The Supreme Judicial Court vacated Pope’s conviction on June 7, 2022. The court said there was strong circumstantial evidence that the state had failed to disclose Goodale’s memo, and that failure violated Pope’s right to a fair trial. It also declined to rule on the felony-murder question.
“At trial, Benny provided the only percipient account of the shooting,” the court said. “Benny was not simply the Commonwealth’s key witness; he was the linchpin of the Commonwealth’s entire case. The Goodale documents not only exacerbate the inconsistencies already apparent in Benny’s testimony, such as his changing statements about the defendant’s location at the time of the shooting, but also reveal new inconsistencies in his testimony [that are] entirely different in kind.”

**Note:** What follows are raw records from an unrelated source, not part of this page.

Lemma prim_from_i_zmobius f g : (forall z, 0 < Im z -> ex_derive f z) -> in_SL2Z g ->
  (forall tau, 0 < Im tau -> f (zmobius g tau) = ((jfac g tau) ^ 2 * f tau)%C) ->
  forall tau, 0 < Im tau ->
    prim_from_i f (zmobius g tau) = (prim_from_i f tau + prim_from_i f (zmobius g Ci))%C.
Proof.
  intros Hd Hg Hmod tau Ht.
  set (G := fun z => (prim_from_i f (zmobius g z) - prim_from_i f z)%C).
  assert (GD : forall z, 0 < Im z -> @is_derive C_AbsRing C_NormedModule G z (RtoC 0)).
  { intros z Hz. pose proof (jfac_neq0 g z Hg Hz) as Hj.
    pose proof (is_derive_minus _ _ z _ _
      (is_derive_comp (prim_from_i f) (zmobius g) z _ _
         (is_derive_prim_from_i f Hd (zmobius g z) (Im_zmobius g z Hg Hz))
         (is_derive_zmobius g z Hg Hz))
      (is_derive_prim_from_i f Hd z Hz)) as HG.
    replace (RtoC 0) with (@minus C_NormedModule
      (@scal C_AbsRing C_NormedModule (/ (jfac g z * jfac g z))%C (f (zmobius g z))) (f z));
      [exact HG|].
    change (/ (jfac g z * jfac g z) * f (zmobius g z) - f z = RtoC 0)%C.
    rewrite Hmod by auto. field. exact Hj. }
  pose proof (eq_of_derive_0_on_H G GD Ci tau ltac:(simpl; lra) Ht) as E.
  unfold G in E. rewrite prim_from_i_Ci in E.
  transitivity (prim_from_i f (zmobius g tau) - prim_from_i f tau + prim_from_i f tau)%C;
    [ring|rewrite E; ring].
Qed.

Definition transl (c : C) : Cmat := (RtoC 1, c, RtoC 0, RtoC 1).

Lemma cdet_transl c : cdet (transl c) = RtoC 1.
Proof. unfold cdet, transl; simpl. ring_C. Qed.

Lemma cmul_transl c d : cmul (transl c) (transl d) = transl (c + d).
Proof. unfold cmul, transl; simpl. f_equal; [f_equal; [f_equal|]|]; ring_C. Qed.

Lemma cmobius_transl c z : cmobius (transl c) z = (z + c)%C.
Proof. unfold cmobius, transl; simpl. ring_C. Qed.

Theorem proposition4p1 (Gam : Zmat -> Prop) (f : C -> C) :
  is_subgroup_SL2Z Gam -> finite_index_SL2Z Gam ->
  modular_form_wt2 Gam f ->
  exists rho : Zmat -> Cmat,
    is_rep Gam rho /\ is_triangular Gam rho /\
    equivariant Gam rho (prim_from_i f).
Proof.
  intros [HSL _] _ [Hholo [Hmod _]].
  set (c := fun g => prim_from_i f (zmobius g Ci)).
  assert (Hshift : forall g tau, Gam g -> 0 < Im tau ->
            prim_from_i f (zmobius g tau) = (prim_from_i f tau + c g)%C)
    by (intros; apply prim_from_i_zmobius; auto).
  exists (fun g => transl (c g)). split; [split|split].
  - intros g _. rewrite cdet_transl. exact C1_nz.
  - intros g h Hg Hh. rewrite cmul_transl, Cplus_comm. f_equal.
    unfold c at 1. rewrite zmobius_zmul by (auto; simpl; lra).
    apply Hshift; auto. apply Im_zmobius; auto. simpl; lra.
  - intros g _. reflexivity.
  - intros g tau Hg Ht. rewrite cmobius_transl. apply Hshift; auto.
Qed.
(* Let $f\ge0$ be integrable on $[-\pi,\pi]$ with $\int f>0$ and such that $\lim_{n\to\infty}\sigma_{n+1}^2(f)/\sigma_n^2(f)=1$. If $g$ is a nonnegative, bounded, measurable function on $[-\pi,\pi]$ that is continuous at $\lambda=0$, then $$\limsup_{n\to\infty}\frac{\sigma_n^2(fg)}{\sigma_n^2(f)}\le g(0).$$
   Context: For a nonnegative integrable weight $w$ on $[-\pi,\pi]$, $\sigma_n^2(w)=\min_{q\in\mathcal{Q}_n(1)}\int_{-\pi}^{\pi}|q(e^{i\lambda})|^2w(\lambda)\,d\lambda$, where $\mathcal{Q}_n(1)$ is the set of complex polynomials of degree at most $n$ with $q(1)=1$. *)

From HB Require Import structures.
From mathcomp Require Import all_boot all_order all_algebra.
From mathcomp Require Import all_classical all_reals all_analysis.
From mathcomp Require Import complex.
Set Implicit Arguments. Unset Strict Implicit. Unset Printing Implicit Defensive.
Import Order.TTheory GRing.Theory Num.Theory numFieldNormedType.Exports.
Local Open Scope classical_set_scope.
Local Open Scope ring_scope.

Definition expi {R : realType} (l : R) : R[i] := Complex (cos l) (sin l).

Definition Qn1 {R : realType} (n : nat) : set {poly R[i]} :=
  [set q : {poly R[i]} | (size q <= n.+1)%N /\ q.[1] = 1].
(* [K o] is the Kraus operator of the outcome string [o] for the part of the
   circuit processed so far; [dens (K o)] is the resulting unnormalised state
   for the maximally mixed input. *)
Record tracks n (L : seq (opn n)) (K : (nat -> bool) -> opn n)
    (G : (nat -> bool) -> Prop) : Prop := Tracks {
  tracks_lin : lin_set G;
  tracks_supp : forall o, ~ G o -> K o = 0;
  tracks_eigen : forall T, T \in L -> exists2 f, lin_sign f &
    forall o, G o -> T *m dens (K o) = signb (f o) *: dens (K o);
  tracks_tr : forall o, G o -> \tr (dens (K o)) != 0;
  tracks_tr_out : forall o Q, G o -> is_pauli Q -> ~ prop_in_group L Q ->
    \tr (Q *m dens (K o)) = 0 }.

Section Tracking.

Variable n : nat.
Implicit Types (L : seq (opn n)) (K : (nat -> bool) -> opn n) (G : (nat -> bool) -> Prop).
Implicit Types (g h Q S T U : opn n).

Lemma tracks_group_eigen L K G g : tracks L K G -> in_group L g ->
  exists2 f, lin_sign f & forall o, G o -> g *m dens (K o) = signb (f o) *: dens (K o).
Proof.
move=> hK hg; elim/in_group_ind: g / hg => [|T h hT _ [fh lh hh]].
  by exists (fun _ => false) => [o o'|o _]; rewrite ?mul1mx ?scale1r.
have [fT lT hT'] := tracks_eigen hK hT.
exists (fun o => fT o (+) fh o) => [o o'|o Go]; first by rewrite lT lh addbACA.
by rewrite -mulmxA hh // -scalemxAr hT' // scalerA signb_addb mulrC.
Qed.

Lemma stab_list_conj L U : clifford U -> stab_list L ->
  stab_list [seq U *m T *m invmx U | T <- L].
Proof.
case=> hU hC hL; have hu := unitary_unit hU.
split=> [_ /mapP [T hT ->]|_ _ /mapP [T hT ->] /mapP [T' hT' ->]].
  have [hp hh] := stab_hpauli hL hT; split; first exact: hC.
  by rewrite /Defs.hermitian !adj_mul (unitary_inv hU) adjK hh mulmxA.
by rewrite !mulmx_conj // (stab_comm hL hT hT').
Qed.

Lemma tracks_gate L K G U : clifford U -> tracks L K G ->
  tracks [seq U *m T *m invmx U | T <- L] (fun o => U *m K o) G.
Proof.
move=> hC hK; have [hU _] := hC; have hu := unitary_unit hU.
have densU o : dens (U *m K o) = U *m dens (K o) *m invmx U by rewrite densM unitary_inv.
split=> [|o /(tracks_supp hK) ->|_ /mapP [T hT ->]|o /(tracks_tr hK) hX|o Q Go hQ hnQ].
- exact: tracks_lin hK.
- by rewrite mulmx0.
- have [f lf hf] := tracks_eigen hK hT; exists f => // o Go.
  by rewrite densU mulmx_conj // hf // -scalemxAr -scalemxAl.
- by rewrite densU mxtrace_mulC mulmxA mulVmx // mul1mx.
rewrite densU mulmxA mxtrace_mulC 2!mulmxA.
apply: (tracks_tr_out hK); rewrite // mulmxA; first exact: clifford_conjV.
move=> [c [g [hg hQg]]]; apply: hnQ; exists c, (U *m g *m invmx U).
split; first exact: in_group_conj.
by rewrite scalemxAl scalemxAr -hQg !mulmxA mulmxV // mul1mx mulmxK.
Qed.

Lemma tracks_meas_in_group L K G S j : stab_list L -> in_group L S -> tracks L K G ->
  exists G', tracks L (fun o => proj (o j) S *m K o) G'.
Proof.
move=> hL hS hK; have [_ hSh] := stab_group_hpauli hL hS.
have [f lf hf] := tracks_group_eigen hK hS.
have densP o : G o ->
    dens (proj (o j) S *m K o) = if o j == f o then dens (K o) else 0.
  move=> Go; rewrite densM (proj_herm _ hSh) (proj_eigen _ (hf o Go)).
  case: eqP => [e|_]; last by rewrite !mul0mx.
  have PX : proj (o j) S *m dens (K o) = 1 *: dens (K o).
    by rewrite scale1r (proj_eigen _ (hf o Go)) e eqxx.
  by rewrite (herm_eigen_r (proj_herm _ hSh) (dens_herm _) (conjC1 _) PX) scale1r.
have [G0 GD] := tracks_lin hK.
exists (fun o => G o /\ o j = f o); split.
- split=> [|o o' [Go e] [Go' e']]; first by rewrite lin_sign0.
  by split; [apply: GD | rewrite lf e e'].
- move=> o hGo; have [Go|nGo] := classic (G o); last by rewrite (tracks_supp hK) ?mulmx0.
  by apply: dens_eq0; rewrite densP //; case: eqP => // e; case: hGo.
- move=> T hT; have [fT lT hT'] := tracks_eigen hK hT.
  by exists fT => // o [Go e]; rewrite densP // e eqxx; apply: hT'.
- by move=> o [Go e]; rewrite densP // e eqxx; apply: (tracks_tr hK Go).
- by move=> o Q [Go e]; rewrite densP // e eqxx; apply: (tracks_tr_out hK Go).
Qed.

End Tracking.

(* Requirements on the generator list [L'] replacing [L] after a case (b)
   measurement of [S]. *)
Definition stab_update n (L : seq (opn n)) (S : opn n) (L' : seq (opn n)) : Prop :=
  [/\ S \in L',
      forall Y, Y \in L' -> Y = S \/ in_group L Y /\ Y *m S = S *m Y &
      forall g, in_group L g -> g *m S = S *m g -> in_group L' g].

Section StabiliserUpdate.

Variable n : nat.
Implicit Types (L : seq (opn n)) (K : (nat -> bool) -> opn n) (G : (nat -> bool) -> Prop).
Implicit Types (g h M Q S T : opn n).

Lemma not_prop_in_group L S : stab_list L -> is_hpauli S ->
  ~ in_group L S -> ~ in_group L (- S) -> ~ prop_in_group L S.
Proof.
move=> hL hS hS1 hS2 [c [g [hg e]]].
have := hpauli_sq hS; rewrite e -scalemxAl -scalemxAr (stab_group_sq hL hg) scalerA -expr2.
move/eqP; rewrite -subr_eq0 -{2}(scale1r 1%:M) -scalerBl scaler_eq0
  (negbTE (opn1_neq0 n)) orbF.
rewrite subr_eq0 sqrf_eq1 => /orP [] /eqP c1.
- by apply: hS1; rewrite e c1 scale1r.
- by apply: hS2; rewrite e c1 scaleN1r opprK.
Qed.

Lemma prop_in_group_commute L L' S Q : is_pauli Q -> Q *m S = S *m Q ->
  (forall g, in_group L g -> g *m S = S *m g -> in_group L' g) ->
  prop_in_group L Q -> prop_in_group L' Q.
Proof.
move=> hQ hQS hL' [c [g [hg hQg]]]; exists c, g; split=> //; apply: hL' => //.
have c0 : c != 0.
  by apply/eqP => c0; move: (pauli_neq0 hQ); rewrite hQg c0 scale0r eqxx.
by apply: (scalerI c0); rewrite scalemxAl scalemxAr -hQg.
Qed.

Lemma prop_in_group_mulKl L S Q : in_group L S -> S *m S = 1%:M ->
  prop_in_group L (S *m Q) -> prop_in_group L Q.
Proof.
move=> hS hSS [c [g [hg e]]]; exists c, (S *m g); split; first exact: in_groupM.
by rewrite scalemxAr -e mulmxA hSS mul1mx.
Qed.

Lemma stab_list_update L L' S : stab_list L -> is_hpauli S -> stab_update L S L' ->
  stab_list L'.
Proof.
move=> hL hS [_ hL' _].
split=> [Y /hL' [->|[hY _]] //|Y Y' /hL' [->|[hY hYS]] /hL' [->|[hY' hY'S]]] //.
- exact: (stab_group_hpauli hL hY).
- exact: (stab_group_comm hL hY hY').
Qed.
(* Fix $K\ge1$ and $\alpha,\beta_1,\beta_2>0$. There exists a constant $C$ such that for all $n\ge2$ and every symmetric $0/1$ matrix $A$ of size $n\times n$ with zero diagonal, $$\max_{e\in\{1,\dots,K\}^n}\big|Q_B(e)-Q_{ML}(e)-Q_P(e)\big|\le\frac{C\log n}{n^2},$$ where $Q_P(e)=\frac1{n^2}\sum_{a:\,n_a(e)+\lfloor\alpha\rfloor\ge2}n_a(e)\log n_a(e)-\frac1n$. Consequently $\max_{e}|Q_B(e)-Q_{ML}(e)|=O(\log n/n)$.
   Context: For a labelling $e$: $n_a(e)=\#\{i:e_i=a\}$; $O_{ab}(e)=\sum_{i,j}A_{ij}1\{e_i=a,e_j=b\}$ for $a\ne b$, $O_{aa}(e)=\sum_{i<j}A_{ij}1\{e_i=e_j=a\}$; $n_{ab}(e)=n_a(e)n_b(e)$ for $a\ne b$, $n_{aa}(e)=\frac12n_a(e)(n_a(e)-1)$. Bayesian modularity: $Q_B(e)=\frac1{n^2}\sum_{1\le a\le b\le K}\log B\big(O_{ab}(e)+\beta_1,n_{ab}(e)-O_{ab}(e)+\beta_2\big)+\frac1{n^2}\sum_{a=1}^K\log\Gamma(n_a(e)+\alpha)$, $B$ the beta function. Likelihood modularity: $Q_{ML}(e)=\frac1{n^2}\sum_{1\le a\le b\le K}n_{ab}(e)\,\tau\big(O_{ab}(e)/n_{ab}(e)\big)$ with $\tau(x)=x\log x+(1-x)\log(1-x)$, $0\log0=0$, and terms with $n_{ab}(e)=0$ taken as $0$. *)

From Stdlib Require Import Reals.
From Coquelicot Require Import Coquelicot.
Open Scope R_scope.

Fixpoint rsum (n : nat) (f : nat -> R) : R :=
  match n with O => 0 | S m => rsum m f + f m end.

Definition Gamma (x : R) : R :=
  RInt_gen (fun t => Rpower t (x - 1) * exp (- t)) (at_right 0) (Rbar_locally p_infty).

Definition Beta (x y : R) : R := Gamma x * Gamma y / Gamma (x + y).

Definition xlnx (x : R) : R := if Req_EM_T x 0 then 0 else x * ln x.

Definition tau (x : R) : R := xlnx x + xlnx (1 - x).

Definition ind (b : bool) : R := if b then 1 else 0.

(* Nodes are 0..n-1, communities are 1..K. *)
Definition adjacency (n : nat) (A : nat -> nat -> R) : Prop :=
  (forall i j, (i < n)%nat -> (j < n)%nat -> A i j = 0 \/ A i j = 1) /\
  (forall i j, (i < n)%nat -> (j < n)%nat -> A i j = A j i) /\
  (forall i, (i < n)%nat -> A i i = 0).

Definition labelling (n K : nat) (e : nat -> nat) : Prop :=
  forall i, (i < n)%nat -> (1 <= e i <= K)%nat.

Definition n_a (n : nat) (e : nat -> nat) (a : nat) : R :=
  rsum n (fun i => ind (Nat.eqb (e i) a)).

Definition O_ab (n : nat) (A : nat -> nat -> R) (e : nat -> nat) (a b : nat) : R :=
  if Nat.eqb a b then
    rsum n (fun j => rsum j (fun i => A i j * ind (Nat.eqb (e i) a) * ind (Nat.eqb (e j) a)))
  else
    rsum n (fun i => rsum n (fun j => A i j * ind (Nat.eqb (e i) a) * ind (Nat.eqb (e j) b))).

Definition n_ab (n : nat) (e : nat -> nat) (a b : nat) : R :=
  if Nat.eqb a b then n_a n e a * (n_a n e a - 1) / 2
  else n_a n e a * n_a n e b.
Lemma coprimep_fibre_poly x y : ~~ proj_eq x y ->
  coprimep (fibre_poly p q x) (fibre_poly p q y).
Proof.
move=> /det_neq0 dxy; apply/coprimepP => d dx dy.
have dvdp_comb (u v : R) : d %| u%:P * fibre_poly p q y - v%:P * fibre_poly p q x.
  by rewrite dvdp_sub // dvdp_mull.
have dp : d %| p.
  rewrite -(dvdpZr _ _ dxy) -mul_polyC.
  have -> : (x.1 * y.2 - x.2 * y.1)%:P * p
            = x.1%:P * fibre_poly p q y - y.1%:P * fibre_poly p q x.
    by rewrite /fibre_poly polyCB !polyCM; ring.
  exact: dvdp_comb.
have dq : d %| q.
  rewrite -(dvdpZr _ _ dxy) -mul_polyC.
  have -> : (x.1 * y.2 - x.2 * y.1)%:P * q
            = x.2%:P * fibre_poly p q y - y.2%:P * fibre_poly p q x.
    by rewrite /fibre_poly polyCB !polyCM; ring.
  exact: dvdp_comb.
by move/coprimepP: cpq; apply.
Qed.

Lemma dvdp_wronskian_sqr_fibre x y g : ~~ proj_eq x y ->
  fibre_poly p q x = g ^+ 2 -> g %| wronskian p q.
Proof.
move=> /det_neq0 dxy fxg; rewrite -(dvdpZr _ _ dxy) -mul_polyC.
by rewrite -wronskian_fibre_poly fxg dvdp_wronskian_sqr.
Qed.

Lemma size_wronskian_fibre x y : ~~ proj_eq x y ->
  (size (wronskian p q) + 2 <= size (fibre_poly p q x) + size (fibre_poly p q y))%N.
Proof.
move=> xy; have /det_neq0 dxy := xy.
have yx : ~~ proj_eq y x by rewrite /proj_eq eq_sym mulrC [y.1 * _]mulrC.
rewrite -(size_Cmul _ dxy) -wronskian_fibre_poly.
exact: size_wronskian (fibre_poly_neq0 xy) (fibre_poly_neq0 yx).
Qed.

On October 24, 2022, Suffolk County District Attorney Kevin Hayden filed a motion to dismiss the charges. The motion said the physical evidence in the case could not be found and the investigating homicide detectives had died.
“While Bienvenido DeJesus is available to testify, the Commonwealth cannot adequately investigate or prepare the case for trial without access to the original investigators and investigative materials,” the motion said. Hayden said in a statement: “We had a responsibility in this case to look at all available information and evidence with full consideration of all parties involved, including the victim’s family, the trial witnesses and Mr. Pope. Having done so it is clear to us that moving forward with a new trial is not in the best interest of justice,” Hayden said.
Judge Robert Ullman of Suffolk County Superior Court granted the motion to dismiss that day.
After his release in 2021, Pope told the Boston Globe, “For the period of time that I am out, I’m going to try to do some good. I want to make a contribution to my community in hopes of turning the young away from the road that leads to prison.”
Pope had shared the new evidence that led to his exoneration with Brown and his legal team, which moved for a new trial in 2022. The motion said that the Goodale memo of that first interview with DeJesus made no mention of Brown pointing a shotgun at him.
“Despite direct evidence from Benny about Mr. Hamilton’s participation in the robbery and shooting, including possession of the shotgun in the moments after Efrain was killed, the jury deliberated for four days before returning its verdicts,” the motion said. “Evidence contradicting the Commonwealth’s key witness on a point central to its case against Defendant could have shifted deliberations in his favor, and Mr. Hamilton was therefore prejudiced by its absence. He is entitled to a new trial.”
The state opposed the motion. Among other things, it argued that because the jury acquitted Brown on the weapons charge, he was not prejudiced by the state’s failure to disclose DeJesus’s inconsistent statements about whether Brown pointed a shotgun at him.
Judge Squires-Lee, who had denied Pope’s motion in 2021, granted Brown’s motion on October 24, 2022, the day the state dismissed the charges against Pope, ruling that the Supreme Judicial Court’s ruling to grant Pope a new trial applied in Brown’s case. Pending her decision, Brown had been released from prison on June 9, 2022. He was 71 years old.
A judge granted the state’s motion to dismiss the charges against Brown on December 7, 2022.
In 2023, Pope filed a claim for compensation from the state of Massachusetts, which was settled for $500,000. Pope also filed a civil rights case in April 2024 against the city of Boston and several police officers.